▶ [WHAT NEEDS TO BE DONE]:
Reproduce exactly the lines below from the one containing "by case: ham" through the one containing "(Hfx : forall", including both, and nothing else.

▶ [EXCERPTED DATA]:
Lemma milp_step_ok :
  milp_set (fun y : 'cV[R]_(nz + nz) => stage_dom (usubmx y) /\ stage_dom (dsubmx y) /\ step_ok y).
Proof.
have [c hc] := stage_dom_cube.
have ay : affine (fun y : 'cV[R]_(nz + nz) => usubmx y) := affine_usub (affine_id _ _).
have ady : affine (fun y : 'cV[R]_(nz + nz) => dsubmx y) := affine_dsub (affine_id _ _).
have mpiece i := milp_setI (milp_set_mxle (affineMl (Bp i) ay) (affine_cst _ (psi i)))
  (milp_set_eqmx (affine_comp affine_thpart ady)
     (affineD (affineMl (G i) ay) (affine_cst _ (chi i)))).
have mx := milp_set_eqmx (affine_comp affine_xpart ady)
  (affineD (affineD (affineMl A (affine_comp affine_xpart ay))
     (affineMl B (affine_comp affine_upart ay))) (affine_cst _ k0)).
have mdom2 := milp_setI (milp_set_preim milp_stage_dom ay) (milp_set_preim milp_stage_dom ady).
apply: milp_set_ext (milp_setI mdom2 (milp_setI mx (milp_set_bigcup_cube c mpiece))) _ => y.
rewrite /step_ok Hhe; split=> [[[ds ds'] [hx [_ [i [hB ->]]]]] | [ds [ds' [hx hth]]]].
  by rewrite -g_piece.
split; first by split.
split=> //; split; first by rewrite -(vsubmxK y) cube_col; split; apply: hc.
have [i hi] := g_cover ds; exists i; split=> //.
by rewrite hth (g_piece hi).
Qed.

Definition traj_ok N (V : 'cV[R]_(N.+1 * nz)) :=
  forall t : 'I_N.+1, stage_ok (slice t V) /\
    ((t < N)%N -> let y := col_mx (slice t V) (slice (inord t.+1) V) in
                  stage_dom (usubmx y) /\ stage_dom (dsubmx y) /\ step_ok y).
Arguments traj_ok : clear implicits.

Lemma milp_traj_ok N : milp_set (traj_ok N).
Proof.
apply: milp_set_bigcap => t; apply: milp_setI.
  exact: milp_set_preim milp_stage_ok (affine_slice t).
exact/milp_set_implies/(milp_set_preim milp_step_ok)/affine_col/affine_slice/affine_slice.
Qed.

Lemma feasible_traj_ok N x u th pi :
  feasible X U Th Pi f h g N x u th pi <->
  traj_ok N (stack N (fun t => col_mx (col_mx (x t) (u t)) (col_mx (th t) (pi t)))).
Proof.
rewrite /traj_ok /stage_ok /step_ok /stage_dom /xpart /upart /thpart /pipart.
split=> [hf t | ht t tN].
  rewrite !slice_stack !(col_mxKu, col_mxKd).
  have [ham hX hT hP hstep] := hf t (ltn_ord t); split=> // tN.
  have [ham' hX' hT' hP' _] := hf t.+1 tN; rewrite inordK //.
  by case: ham ham' (hstep tN) => hU _ [hU' _] [hx hth]; do !split.
have [+ hstep] := ht (Ordinal (tN : (t < N.+1)%N)).
rewrite !slice_stack !(col_mxKu, col_mxKd) => -[ham hX hT hP]; split=> // tN'.
by have := hstep tN'; rewrite /= !slice_stack inordK // !(col_mxKu, col_mxKd) => -[_ [_ []]].
Qed.

Theorem milp_feasible N : milp_traj N (feasible X U Th Pi f h g N).
Proof. exact: milp_traj_stack (milp_traj_ok N) (feasible_traj_ok N). Qed.

End IncentiveModel.

Theorem proposition1 (R : realType) (nx nu nth npi : nat)
  (X : 'cV[R]_nx -> Prop) (U : 'cV[R]_nu -> Prop)
  (Th : 'cV[R]_nth -> Prop) (Pi : 'cV[R]_npi -> Prop)
  (f : 'cV[R]_nx -> 'cV[R]_nu -> 'cV[R]_nth -> 'cV[R]_npi -> R)
  (h : 'cV[R]_nx -> 'cV[R]_nu -> 'cV[R]_nx)
  (g : 'cV[R]_nx -> 'cV[R]_nu -> 'cV[R]_nth -> 'cV[R]_npi -> 'cV[R]_nth)
  (pd pc : nat) (D : 'M[R]_(pd, nx)) (C : 'M[R]_(pc, nu))
  (nmx nmu : nat) (tm : 'I_nmx.+1 -> nat) (tau : 'I_nmu.+1 -> nat)
  (* (A1) *)
  (HX : polyhedron X) (HXb : bounded_set X)
  (HU : polyhedron U) (HUb : bounded_set U)
  (HTh : polyhedron Th) (HThb : bounded_set Th)
  (HPi : milp_set Pi) (HPib : bounded_set Pi) (HPic : closed_set Pi)
  (* (A2) *)
  (Hf : f_form f)
  (Hfx : forall u th pi, U u -> Th th -> Pi pi -> concave_on X (fun x => f x u th pi))
  (Hfu : forall x th pi, X x -> Th th -> Pi pi -> strictly_concave_on U (fun u => f x u th pi))
  (Hfth : forall x u pi, X x -> U u -> Pi pi -> concave_on Th (fun th => f x u th pi))
  (* (A3) *)
  (Hh : h_affine h)
  (Hhs : forall x', X x' -> exists x u, X x /\ U u /\ h x u = x')
  (Hg : g_pwa X U Th Pi g)
  (Hgs : forall th', Th th' -> exists x u th pi, [/\ X x, U u, Th th, Pi pi & g x u th pi = th'])
  (* (A5) *)
  (Hobs : observable X U Th Pi f h g D C tm tau) :
  forall N : nat, milp_traj N (feasible X U Th Pi f h g N).
Proof.
move=> N.
case: HU => kU [MU [bU HUe]].
case: Hf => Q [H [K [Js [F [zeta [psdQ Hfe]]]]]].
case: Hh => A [B [k0 Hhe]].
case: Hg => P [mB [Bp [psi [G [chi [Hg1 [_ Hg3]]]]]]].
exact (milp_feasible HUe Hfe Hhe psdQ HX HTh HPi HXb HUb HThb HPib Hg1 Hg3 N).
Qed.
(* Let $\rho$ be a valuation of a fixpoint context $\Theta$, let $(X:\sigma)\in\Theta$, and for $\varphi\in\mathcal{L}^s(\Theta;\tau)$ let $[\![X.\varphi]\!]\rho : \mathcal{P}([\![\sigma]\!]) \to \mathcal{P}([\![\tau]\!])$ be the map $S \mapsto [\![\varphi]\!]\rho[S/X]$. (1) If $\varphi \in \mathcal{L}^s(\Theta;\tau)$ for any $s\in\{\pm,+,-\}$, then $[\![X.\varphi]\!]\rho$ is monotone. (2) If $\varphi \in \mathcal{L}^+(\Theta;\tau)$, then $[\![X.\varphi]\!]\rho$ preserves directed unions. (3) If $\varphi\in\mathcal{L}^-(\Theta;\tau)$, then $[\![X.\varphi]\!]\rho$ preserves codirected intersections.
   Context: Pure types: closed types of $\tau ::= \mathbf{1} \mid \tau\times\tau \mid \tau\to\tau \mid \tau+\tau \mid \alpha \mid \mu\alpha.\tau$, interpreted as Scott domains: $[\![\mathbf{1}]\!]=\{\bot\le\top\}$; products componentwise with projections $\pi_1,\pi_2$; $[\![\tau\to\sigma]\!]$ = Scott-continuous functions with pointwise order; $[\![\tau_1+\tau_2]\!]$ = disjoint union with a new bottom, with injections $\mathrm{inj}_i$; $[\![\mu\alpha.\tau]\!]$ = canonical bilimit solution with inverse isomorphisms $\mathrm{fold}:[\![\tau[\mu\alpha.\tau/\alpha]]\!]\to[\![\mu\alpha.\tau]\!]$, $\mathrm{unfold}$. A family of sets is directed (resp. codirected) if nonempty and any two members are contained in (resp. contain) a common member. Iteration terms: $t ::= i \mid 0 \mid t+1$. Fixpoint contexts $\Theta = X_1:\sigma_1,\dots,X_n:\sigma_n$. For $s\in\{\pm,+,-\}$, $\mathcal{L}^s(\Theta;\tau)$ is generated by: $\mathrm{True},\mathrm{False}$; closure under $\wedge,\vee$; $\langle()\rangle\in\mathcal{L}^s(\Theta;\mathbf{1})$; $\langle\pi_i\rangle\varphi$ (type $\tau_1\times\tau_2$, $\varphi$ of type $\tau_i$); $\langle\mathrm{inj}_i\rangle\varphi$ (type $\tau_1+\tau_2$, $\varphi$ of type $\tau_i$); $\langle\mathrm{fold}\rangle\varphi$ (type $\mu\alpha.\tau$, $\varphi$ of type $\tau[\mu\alpha.\tau/\alpha]$); $X$ if $(X:\tau)\in\Theta$; weakening of $\Theta$; $(\mu^t X)\varphi,(\nu^t X)\varphi\in\mathcal{L}^s(\Theta;\tau)$ if $\varphi\in\mathcal{L}^s(\Theta,X:\tau;\tau)$; $(\exists i)\varphi\in\mathcal{L}^+(\Theta;\tau)$ if $\varphi\in\mathcal{L}^+(\Theta;\tau)$ and $i \mathrel{\mathrm{Pos}} \varphi$; $(\forall i)\varphi\in\mathcal{L}^-(\Theta;\tau)$ if $\varphi\in\mathcal{L}^-(\Theta;\tau)$ and $i\mathrel{\mathrm{Neg}}\varphi$; $\psi\Rightarrow\varphi\in\mathcal{L}^s(\,;\sigma\to\tau)$ if $\psi\in\mathcal{L}^{-s}(\,;\sigma)$ and $\varphi\in\mathcal{L}^s(\,;\tau)$, where $-\pm=\pm$, $-+=-$, $--=+$. Pos, Neg are inductively defined: $i\mathrel{\mathrm{Pos}}\varphi$ and $i\mathrel{\mathrm{Neg}}\varphi$ hold if $i$ not free in $\varphi$; both preserved by $\wedge,\vee$ and the modalities; $i\mathrel{\mathrm{Pos}}(\psi\Rightarrow\varphi)$ if $i\mathrel{\mathrm{Neg}}\psi$ and $i\mathrel{\mathrm{Pos}}\varphi$; $i\mathrel{\mathrm{Neg}}(\psi\Rightarrow\varphi)$ if $i\mathrel{\mathrm{Pos}}\psi$ and $i\mathrel{\mathrm{Neg}}\varphi$; $i\mathrel{\mathrm{Pos}}(\exists j)\varphi$ if $i\mathrel{\mathrm{Pos}}\varphi$; $i\mathrel{\mathrm{Neg}}(\forall j)\varphi$ if $i\mathrel{\mathrm{Neg}}\varphi$; $i\mathrel{\mathrm{Pos}}(\mu^tX)\varphi$ if $i\mathrel{\mathrm{Pos}}\varphi$; $i\mathrel{\mathrm{Pos}}(\nu^tX)\varphi$ if $i\mathrel{\mathrm{Pos}}\varphi$ and $i$ not free in $t$; $i\mathrel{\mathrm{Neg}}(\nu^tX)\varphi$ if $i\mathrel{\mathrm{Neg}}\varphi$; $i\mathrel{\mathrm{Neg}}(\mu^tX)\varphi$ if $i\mathrel{\mathrm{Neg}}\varphi$ and $i$ not free in $t$. Semantics: a valuation $\rho$ of $\Theta$ maps each $(X:\sigma)\in\Theta$ to $\rho(X)\subseteq[\![\sigma]\!]$ and iteration variables to naturals. $[\![\mathrm{True}]\!]\rho=[\![\tau]\!]$, $[\![\mathrm{False}]\!]\rho=\emptyset$, $\wedge,\vee$ are $\cap,\cup$, $[\![X]\!]\rho=\rho(X)$, $[\![\langle()\rangle]\!]\rho=\{\top\}$, $[\![\langle\pi_i\rangle\varphi]\!]\rho=\{x\mid \pi_i(x)\in[\![\varphi]\!]\rho\}$, $[\![\langle\mathrm{inj}_i\rangle\varphi]\!]\rho=\{\mathrm{inj}_i(x)\mid x\in[\![\varphi]\!]\rho\}$, $[\![\langle\mathrm{fold}\rangle\varphi]\!]\rho=\{x\mid\mathrm{unfold}(x)\in[\![\varphi]\!]\rho\}$, $[\![\psi\Rightarrow\varphi]\!]\rho=\{f\mid\forall x\in[\![\psi]\!]\rho,\ f(x)\in[\![\varphi]\!]\rho\}$, $[\![(\exists i)\varphi]\!]\rho=\bigcup_{n}[\![\varphi]\!]\rho[n/i]$, $[\![(\forall i)\varphi]\!]\rho=\bigcap_{n}[\![\varphi]\!]\rho[n/i]$, and with $F(S)=[\![\varphi]\!]\rho[S/X]$, $n=[\![t]\!]\rho$: $[\![(\mu^tX)\varphi]\!]\rho=F^n(\emptyset)$, $[\![(\nu^tX)\varphi]\!]\rho=F^n([\![\tau]\!])$. *)

From Stdlib Require Import List PeanoNat Bool.
Import ListNotations.


Inductive ty : Type :=
| TUnit : ty
| TProd : ty -> ty -> ty
| TArr  : ty -> ty -> ty
| TSum  : ty -> ty -> ty
| TVar  : nat -> ty
| TMu   : ty -> ty.

Definition ty_eq_dec (a b : ty) : {a = b} + {a <> b}.
Proof. decide equality; apply Nat.eq_dec. Defined.
(* Let $K$ be a nilpotent group of class three, let $m\ge 2$ and let $y_1,\ldots,y_m$ be elements of $K$ which generate $K$ modulo $Z(K)$. Assume that $y_i^{2^{r_i}}\in Z(K)$ for each $i$, where $1\leq r_1\leq\cdots\leq r_{m-1}\leq r_m$ are integers. If there exist integers $0\leq\gamma_i<r_{m-1}$, $i=1,\ldots,m-1$, such that $[y_m,y_i]^{2^{\gamma_i}}$ commutes with both $y_i$ and $y_m$, then $y_m^{2^{r_{m-1}}}\in Z(K)$.
   Context: Commutators are $[x,y]=x^{-1}y^{-1}xy$, and are left-normed: $[x,y,z]=[[x,y],z]$. *)

From Stdlib Require Import Arith.

Record Group := {
  carrier :> Type;
  gmul : carrier -> carrier -> carrier;
  ginv : carrier -> carrier;
  gone : carrier;
  gmulA : forall x y z, gmul x (gmul y z) = gmul (gmul x y) z;
  gmul1l : forall x, gmul gone x = x;
  gmul1r : forall x, gmul x gone = x;
  gmulVl : forall x, gmul (ginv x) x = gone;
  gmulVr : forall x, gmul x (ginv x) = gone
}.

Arguments gmul {g} x y.
Arguments ginv {g} x.
Arguments gone {g}.

Fixpoint gpow {G : Group} (x : G) (n : nat) : G :=
  match n with
  | O => gone
  | S k => gmul (gpow x k) x
  end.

Definition comm {G : Group} (x y : G) : G :=
  gmul (gmul (gmul (ginv x) (ginv y)) x) y.

Definition center {G : Group} (x : G) : Prop :=
  forall g : G, gmul x g = gmul g x.

Fixpoint upper_central {G : Group} (n : nat) (x : G) : Prop :=
  match n with
  | O => x = gone
  | S k => forall g : G, upper_central k (comm x g)
  end.

Definition nilpotent_of_class (G : Group) (c : nat) : Prop :=
  (forall x : G, upper_central c x) /\ ~ (forall x : G, upper_central (pred c) x).

Definition is_subgroup {G : Group} (H : G -> Prop) : Prop :=
  H gone /\ (forall x y, H x -> H y -> H (gmul x y)) /\ (forall x, H x -> H (ginv x)).

Definition generated {G : Group} (S : G -> Prop) (x : G) : Prop :=
  forall H : G -> Prop, is_subgroup H -> (forall s, S s -> H s) -> H x.

(** Write [N = 2^{r_{m-1}}]. For [i < m] put [a = y_i], [b = y_m], [c = [b,a]]
    and [k = 2^{gamma_i}], so that [a^N] is central, [c^k] commutes with [a] and
    [b], and [k] divides [N/2]. In a group of class three every double
    commutator is central, which gives the expansion
    [y^-1 x^n y = x^n [x,y]^n [[x,y],x]^(n(n-1)/2)]. Since [c^k] commutes with
    [a] and [b], the central elements [[[a,b],a]] and [[c,b]] have order
    dividing [k], hence dividing [N(N-1)/2]. The expansion for [(x,y) = (a,b)]
    then says that [a^N] commutes with [b] iff [c^N = 1], so [c^N = 1]; for
    [(x,y) = (b,a)] it says that [b^N] commutes with [a] iff [c^N = 1]. Thus
    [y_m^N] commutes with every [y_i] and with [Z(K)], hence with all of [K]. *)

From Stdlib Require Import Arith Lia.

Definition commute {G : Group} (x y : G) : Prop := gmul x y = gmul y x.

Section GroupFacts.

Context {G : Group}.
Implicit Types x y z : G.

Lemma mulKg x y : gmul (ginv x) (gmul x y) = y.
Proof. rewrite gmulA, gmulVl, gmul1l; reflexivity. Qed.

Lemma mulgK x y : gmul (gmul y x) (ginv x) = y.
Proof. rewrite <- gmulA, gmulVr, gmul1r; reflexivity. Qed.

Lemma mulgKV x y : gmul (gmul y (ginv x)) x = y.
Proof. rewrite <- gmulA, gmulVl, gmul1r; reflexivity. Qed.

Lemma mulgI x y z : gmul x y = gmul x z -> y = z.
Proof. intro E. rewrite <- (mulKg x y), <- (mulKg x z), E. reflexivity. Qed.

Lemma mulg_eq_self x y : gmul x y = x -> y = gone.
Proof. intro E. apply (mulgI x). rewrite gmul1r. exact E. Qed.

Lemma invg_unique x y : gmul x y = gone -> y = ginv x.
Proof. intro E. apply (mulgI x). rewrite E, gmulVr. reflexivity. Qed.

Lemma invMg x y : ginv (gmul x y) = gmul (ginv y) (ginv x).
Proof. symmetry. apply invg_unique. rewrite !gmulA, mulgK, gmulVr. reflexivity. Qed.

Lemma invgK x : ginv (ginv x) = x.
Proof. symmetry. apply invg_unique, gmulVl. Qed.

Lemma invg1 : ginv (@gone G) = gone.
Proof. symmetry. apply invg_unique, gmul1l. Qed.

Ltac gsimpl := repeat (rewrite ?invMg, ?invgK, ?invg1, ?gmulA, ?mulgK, ?mulgKV,
   ?gmulVr, ?gmulVl, ?gmul1l, ?gmul1r).

Lemma gpowSl x n : gpow x (S n) = gmul x (gpow x n).
Proof.
  induction n as [|n IHn]; simpl in *; [gsimpl; reflexivity|].
  rewrite IHn at 1. rewrite gmulA. reflexivity.
Qed.

Lemma gpowD x n p : gpow x (n + p) = gmul (gpow x n) (gpow x p).
Proof.
  induction p as [|p IHp]; simpl; [rewrite Nat.add_0_r, gmul1r; reflexivity|].
  rewrite Nat.add_succ_r; simpl. rewrite IHp, gmulA. reflexivity.
Qed.

Lemma gpowM x n p : gpow x (n * p) = gpow (gpow x n) p.
Proof.
  induction p as [|p IHp]; simpl; [rewrite Nat.mul_0_r; reflexivity|].
  rewrite Nat.mul_succ_r, gpowD, IHp. reflexivity.
Qed.

Lemma gpow1n n : gpow (@gone G) n = gone.
Proof. induction n as [|n IHn]; simpl; [|rewrite IHn, gmul1l]; reflexivity. Qed.

Lemma gpowVn x n : gpow (ginv x) n = ginv (gpow x n).
Proof.
  induction n as [|n IHn]; [simpl; gsimpl; reflexivity|].
  rewrite gpowSl. simpl. rewrite IHn, invMg. reflexivity.
Qed.

Lemma gpow_divide x n p : Nat.divide n p -> exists q, gpow x p = gpow (gpow x n) q.
Proof. intros [q ->]. exists q. rewrite Nat.mul_comm. apply gpowM. Qed.

Lemma gpow_eq1_divide x n p : gpow x n = gone -> Nat.divide n p -> gpow x p = gone.
Proof.
  intros E D. destruct (gpow_divide x n p D) as [q ->]. rewrite E. apply gpow1n.
Qed.

Lemma conj_gpow x y n :
  gmul (ginv y) (gmul (gpow x n) y) = gpow (gmul (ginv y) (gmul x y)) n.
Proof.
  induction n as [|n IHn]; simpl; [gsimpl; reflexivity|].
  rewrite <- IHn. gsimpl. reflexivity.
Qed.

Lemma commute_sym x y : commute x y -> commute y x.
Proof. unfold commute. auto. Qed.

Lemma commuteX x y n : commute x y -> commute (gpow x n) y.
Proof.
  unfold commute. intro E. induction n as [|n IHn]; simpl; [gsimpl; reflexivity|].
  rewrite <- gmulA, E, gmulA, IHn, <- gmulA. reflexivity.
Qed.

Lemma commuteV x y : commute x y -> commute (ginv x) y.
Proof.
  unfold commute. intro E.
  rewrite <- (mulgK x (gmul (ginv x) y)), <- (gmulA _ (ginv x) y x), <- E, mulKg.
  reflexivity.
Qed.

Lemma centerX x n : center x -> center (gpow x n).
Proof. intros Cx g. apply commuteX, Cx. Qed.

Lemma commgC x y : gmul x y = gmul (gmul y x) (comm x y).
Proof. unfold comm. gsimpl. reflexivity. Qed.

Lemma invg_comm x y : ginv (comm x y) = comm y x.
Proof. unfold comm. gsimpl. reflexivity. Qed.

Lemma commute_of_comm_eq1 x y : comm x y = gone -> commute x y.
Proof. intro E. unfold commute. rewrite commgC, E, gmul1r. reflexivity. Qed.

Lemma conjg_comm x y : gmul (ginv y) (gmul x y) = gmul x (comm x y).
Proof. unfold comm. gsimpl. reflexivity. Qed.

Section CentralCommutator.

Variables x y : G.
Hypothesis central_comm : center (comm x y).

Lemma gpow_commgC n : gmul (gpow x n) y = gmul (gmul y (gpow x n)) (gpow (comm x y) n).
Proof.
  induction n as [|n IHn]; simpl; [gsimpl; reflexivity|].
  rewrite <- gmulA, (commgC x y), !gmulA, IHn, <- !gmulA.
  rewrite (gmulA _ (gpow (comm x y) n) x), (centerX _ n central_comm x).
  gsimpl. reflexivity.
Qed.

Lemma comm_gpow_eq1 n : commute (gpow x n) y -> gpow (comm x y) n = gone.
Proof.
  intro E. pose proof (gpow_commgC n) as F. rewrite E in F.
  symmetry in F. exact (mulg_eq_self _ _ F).
Qed.

End CentralCommutator.

Fixpoint binom2 (n : nat) : nat :=
  match n with 0 => 0 | S k => binom2 k + k end.

Lemma divide_binom2_double M : Nat.divide M (binom2 (2 * M)).
Proof.
  assert (E : forall n, 2 * binom2 n + n = n * n).
  { induction n as [|n IHn]; simpl; [reflexivity|]. nia. }
  exists (2 * M - 1). specialize (E (2 * M)). destruct M; [reflexivity|]. nia.
Qed.

Lemma gpow_mulC_central x u n : center (comm u x) ->
  gpow (gmul x u) n = gmul (gmul (gpow x n) (gpow u n)) (gpow (comm u x) (binom2 n)).
Proof.
  intro Ce. set (e := comm u x) in *.
  induction n as [|n IHn]; simpl; [gsimpl; reflexivity|].
  rewrite IHn, gpowD, <- !gmulA, (gmulA _ (gpow e (binom2 n)) x), (centerX _ _ Ce x),
    <- !gmulA, (centerX _ _ Ce u), (gmulA _ (gpow u n) x), (gpow_commgC u x Ce).
  gsimpl. rewrite <- (gmulA _ _ (gpow e n) u), (centerX _ _ Ce u).
  rewrite <- (gmulA _ _ (gpow e (binom2 n)) (gpow e n)), (centerX _ _ Ce (gpow e n)).
  gsimpl. reflexivity.
Qed.

End GroupFacts.

Section ClassThree.

Context {G : Group}.
Hypothesis comm2_central : forall x y z : G, center (comm (comm x y) z).

Lemma commute_gpow_iff (x y : G) n :
  gpow (comm (comm x y) x) (binom2 n) = gone ->
  (commute (gpow x n) y <-> gpow (comm x y) n = gone).
Proof.
  intro E.
  assert (Conj : gmul (ginv y) (gmul (gpow x n) y) = gmul (gpow x n) (gpow (comm x y) n)).
  { rewrite conj_gpow, conjg_comm, gpow_mulC_central, E, gmul1r by apply comm2_central.
    reflexivity. }
  unfold commute. split; intro H.
  - rewrite H, mulKg in Conj. symmetry in Conj. exact (mulg_eq_self _ _ Conj).
  - rewrite H, gmul1r in Conj. rewrite <- Conj at 2.
    rewrite gmulA, gmulVr, gmul1l. reflexivity.
Qed.

Lemma commute_gpow_double (a b : G) M k :
  Nat.divide k M ->
  commute (gpow (comm b a) k) a -> commute (gpow (comm b a) k) b ->
  center (gpow a (2 * M)) -> commute (gpow b (2 * M)) a.
Proof.
  intros Dk Ca Cb Za. set (N := 2 * M).
  assert (DN : Nat.divide k (binom2 N))
    by exact (Nat.divide_trans _ _ _ Dk (divide_binom2_double M)).
  assert (Eab : gpow (comm (comm a b) a) (binom2 N) = gone).
  { apply (gpow_eq1_divide _ k); [|exact DN].
    apply comm_gpow_eq1; [apply comm2_central|].
    rewrite <- invg_comm, gpowVn. apply commuteV, Ca. }
  assert (EcN : gpow (comm b a) N = gone).
  { rewrite <- invg_comm, gpowVn, <- invg1. f_equal.
    apply (commute_gpow_iff a b N Eab), Za. }
  assert (Eba : gpow (comm (comm b a) b) (binom2 N) = gone).
  { apply (gpow_eq1_divide _ k); [|exact DN].
    apply comm_gpow_eq1; [apply comm2_central | exact Cb]. }
  apply (commute_gpow_iff b a N Eba), EcN.
Qed.

End ClassThree.

Lemma comm2_central_of_class3 (G : Group) :
  (forall x : G, upper_central 3 x) -> forall x y z : G, center (comm (comm x y) z).
Proof. intros H x y z g. apply commute_of_comm_eq1, (H x y z g). Qed.

Lemma center_of_commute_generators (G : Group) (S : G -> Prop) (p : G) :
  (forall x, generated (fun z => S z \/ center z) x) ->
  (forall s, S s -> commute p s) -> center p.
Proof.
  intros Gen Cs g. apply (Gen g (commute p)).
  - split; [unfold commute; rewrite gmul1l, gmul1r; reflexivity|]. split.
    + unfold commute. intros x z Hx Hz. rewrite gmulA, Hx, <- gmulA, Hz, gmulA. reflexivity.
    + intros x Hx. apply commute_sym, commuteV, commute_sym, Hx.
  - intros s [Ss | Zs]; [exact (Cs s Ss) | apply commute_sym, Zs].
Qed.

Lemma le_of_incr_on (r : nat -> nat) m :
  (forall i, 1 <= i < m -> r i <= r (S i)) ->
  forall i j, 1 <= i -> i <= j -> j <= m -> r i <= r j.
Proof.
  intros Incr i j Hi Hij Hj. induction Hij as [|j Hij IH]; [reflexivity|].
  specialize (Incr j ltac:(lia)). specialize (IH ltac:(lia)). lia.
Qed.

Lemma divide_pow_pow p a b : a <= b -> Nat.divide (p ^ a) (p ^ b).
Proof.
  intro Hab. exists (p ^ (b - a)). rewrite <- Nat.pow_add_r. f_equal. lia.
Qed.

Theorem lemma2p4 (K : Group) (m : nat) (y : nat -> K) (r : nat -> nat) :
  nilpotent_of_class K 3 ->
  2 <= m ->
  (* y_1, ..., y_m generate K modulo Z(K) *)
  (forall x : K,
     generated (fun z => (exists i, 1 <= i <= m /\ z = y i) \/ center z) x) ->
  (forall i, 1 <= i <= m -> center (gpow (y i) (2 ^ r i))) ->
  1 <= r 1 ->
  (forall i, 1 <= i < m -> r i <= r (S i)) ->
  (exists gamma : nat -> nat,
     forall i, 1 <= i <= m - 1 ->
       gamma i < r (m - 1) /\
       let c := gpow (comm (y m) (y i)) (2 ^ gamma i) in
       gmul c (y i) = gmul (y i) c /\ gmul c (y m) = gmul (y m) c) ->
  center (gpow (y m) (2 ^ r (m - 1))).
Proof.
  intros [Class3 _] _ Gen Zy _ Incr [gamma Hgamma].
  apply (center_of_commute_generators K _ _ Gen). intros s [i [Hi ->]].
  destruct (Nat.eq_dec i m) as [->|Hne]; [apply commuteX; reflexivity|].
  destruct (Hgamma i ltac:(lia)) as [Hgi [Ca Cb]].
  set (R := r (m - 1)) in *.
  replace (2 ^ R) with (2 * 2 ^ (R - 1))
    by (rewrite <- Nat.pow_succ_r'; f_equal; lia).
  apply (commute_gpow_double (comm2_central_of_class3 K Class3) _ _ _ (2 ^ gamma i));
    [apply divide_pow_pow; lia | exact Ca | exact Cb |].
  rewrite <- Nat.pow_succ_r', Nat.sub_1_r, Nat.succ_pred_pos by lia.
  assert (Hri : r i <= R) by (apply (le_of_incr_on r m Incr); lia).
  destruct (gpow_divide (y i) _ _ (divide_pow_pow 2 _ _ Hri)) as [q ->].
  apply centerX, Zy. lia.
Qed.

▶ [RESPONSE TO THIS TASK]:
  by case: ham ham' (hstep tN) => hU _ [hU' _] [hx hth]; do !split.
have [+ hstep] := ht (Ordinal (tN : (t < N.+1)%N)).
rewrite !slice_stack !(col_mxKu, col_mxKd) => -[ham hX hT hP]; split=> // tN'.
by have := hstep tN'; rewrite /= !slice_stack inordK // !(col_mxKu, col_mxKd) => -[_ [_ []]].
Qed.

Theorem milp_feasible N : milp_traj N (feasible X U Th Pi f h g N).
Proof. exact: milp_traj_stack (milp_traj_ok N) (feasible_traj_ok N). Qed.

End IncentiveModel.

Theorem proposition1 (R : realType) (nx nu nth npi : nat)
  (X : 'cV[R]_nx -> Prop) (U : 'cV[R]_nu -> Prop)
  (Th : 'cV[R]_nth -> Prop) (Pi : 'cV[R]_npi -> Prop)
  (f : 'cV[R]_nx -> 'cV[R]_nu -> 'cV[R]_nth -> 'cV[R]_npi -> R)
  (h : 'cV[R]_nx -> 'cV[R]_nu -> 'cV[R]_nx)
  (g : 'cV[R]_nx -> 'cV[R]_nu -> 'cV[R]_nth -> 'cV[R]_npi -> 'cV[R]_nth)
  (pd pc : nat) (D : 'M[R]_(pd, nx)) (C : 'M[R]_(pc, nu))
  (nmx nmu : nat) (tm : 'I_nmx.+1 -> nat) (tau : 'I_nmu.+1 -> nat)
  (* (A1) *)
  (HX : polyhedron X) (HXb : bounded_set X)
  (HU : polyhedron U) (HUb : bounded_set U)
  (HTh : polyhedron Th) (HThb : bounded_set Th)
  (HPi : milp_set Pi) (HPib : bounded_set Pi) (HPic : closed_set Pi)
  (* (A2) *)
  (Hf : f_form f)
  (Hfx : forall u th pi, U u -> Th th -> Pi pi -> concave_on X (fun x => f x u th pi))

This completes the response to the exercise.